Opened 14 years ago
Closed 14 years ago
#14220 closed Cleanup/optimization (wontfix)
Backwards-compat code in db.fields.subclassing is a bottleneck
Reported by: | Ole Laursen | Owned by: | nobody |
---|---|---|---|
Component: | Database layer (models, ORM) | Version: | 1.2 |
Severity: | Normal | Keywords: | |
Cc: | graham@… | Triage Stage: | Accepted |
Has patch: | no | Needs documentation: | no |
Needs tests: | no | Patch needs improvement: | no |
Easy pickings: | no | UI/UX: | no |
Description
Have a project where we need to import some data from mobile devices from time to time, up to about 20.000 rows. With the regular .create()/save() methods, this takes more than 10 minutes, even after fiddling with transactions. So I did a quick hack to combine the model fields with raw SQL and executemany() (code below).
This was about 20 times faster, so I was now down to about a minute in total.
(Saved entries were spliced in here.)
Lemma ratio_sup_mediant_le (S T U : set (R * R)) :
  (forall y, U y -> exists x z,
     [/\ S x, T z, 0 < x.2, 0 < z.2 & y = (x.1 + z.1, x.2 + z.2)]) ->
  (ratio_sup T <= ratio_sup S)%E -> (ratio_sup U <= ratio_sup S)%E.
Proof.
move=> split_U TS; apply: ub_ereal_sup => _ [y Uy <-].
have [x [z [Sx Tz x0 z0 ->]]] := split_U y Uy.
apply: mediant_le => //; first exact: ratio_sup_ub.
exact: le_trans (ratio_sup_ub Tz) TS.
Qed.

Section Shift.
Variable S : set (R * R).
Hypothesis S_pos : forall x, S x -> 0 <= x.1 /\ 0 < x.2.
Hypothesis S_sublinear : sublinear S.

(* Near-optimal points have bounded denominator: with [eps = e / 2] the
   sublinear bound forces [e * x.2 < 4 * C] once [x.1 / x.2 > 3 e / 4]. *)
Lemma ratio_sup_gap (e d : R) : ratio_sup S = e%:E -> 0 < d ->
  exists2 x, S x & e * x.2 - x.1 < d.
Proof.
move=> Se d0.
have near_sup r : r < e -> exists2 x, S x & r < x.1 / x.2.
  by rewrite -lte_fin -Se => /ereal_sup_gt[_ [x Sx <-]]; rewrite lte_fin; exists x.
clear Se; have [e0|e0] := lerP e 0.
  have [x Sx _] := near_sup (e - 1) ltac:(lra); exists x => //.
  by have [x10 x20] := S_pos Sx; nra.
have [C boundC] := S_sublinear (ltac:(lra) : 0 < e / 2).
pose C1 := Num.max C 1; have C1_ge : C <= C1 /\ 1 <= C1 by rewrite !le_max !lexx ?orbT.
pose eta := Num.min (e / 4) (d * e / (4 * C1)).
have eta_le : eta <= e / 4 /\ eta <= d * e / (4 * C1) by rewrite !ge_min !lexx ?orbT.
have eta0 : 0 < eta by rewrite lt_min; apply/andP; split; [lra|apply: divr_gt0; nra].
have [x Sx near_opt] := near_sup (e - eta) ltac:(lra); exists x => //.
have [x10 x20] := S_pos Sx.
rewrite ltr_pdivlMr // in near_opt.
have x2_bound : e * x.2 < 4 * C1.
  by have := boundC x Sx; nra.
have : eta * x.2 <= d * e / (4 * C1) * x.2 by apply: ler_wpM2r; lra.
have -> : d * e / (4 * C1) * x.2 = d * (e * x.2 / (4 * C1)) by field; lra.
have : e * x.2 / (4 * C1) < 1 by rewrite ltr_pdivrMr; lra.
nra.
Qed.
I ran the result through Hotspot (Python profiler) and to my surprise, a large fraction of the time was spent inside inner() in django.db.models.fields.subclassing. The culprit appears to be call_with_connection and call_with_connection_and_prepared. Inserting a "return func" in the top of both speeds up the insertion by at least 25% (much of the remaining time is spent in the DB).
I realize backwards compatibility code is necessary, but I guess it's possible to fix this somehow still?
Here's the code that's exercising it (more specifically the line with get_db_prep-save, the function takes a list of not-yet-inserted-in-db Django objects and inserts them):
def insert_many(objects, using="default"): if not objects: return import django.db.models from django.db import connections con = connections[using] model = objects[0].__class__ fields = [f for f in model._meta.fields if not isinstance(f, django.db.models.AutoField)] parameters = [] for o in objects: parameters.append(tuple(f.get_db_prep_save(f.pre_save(o, True), connection=con) for f in fields)) table = model._meta.db_table column_names = ",".join(f.column for f in fields) placeholders = ",".join(("%s",) * len(fields)) con.cursor().executemany( "insert into %s (%s) values (%s)" % (table, column_names, placeholders), parameters)
Change History (4)
comment:1 by , 14 years ago
Component: | Uncategorized → Database layer (models, ORM) |
---|
comment:2 by , 14 years ago
comment:3 by , 14 years ago
Triage Stage: | Unreviewed → Accepted |
---|
Performance improvements are always welcome; if anyone has any bright ideas on how to speed this up, I'm all ears.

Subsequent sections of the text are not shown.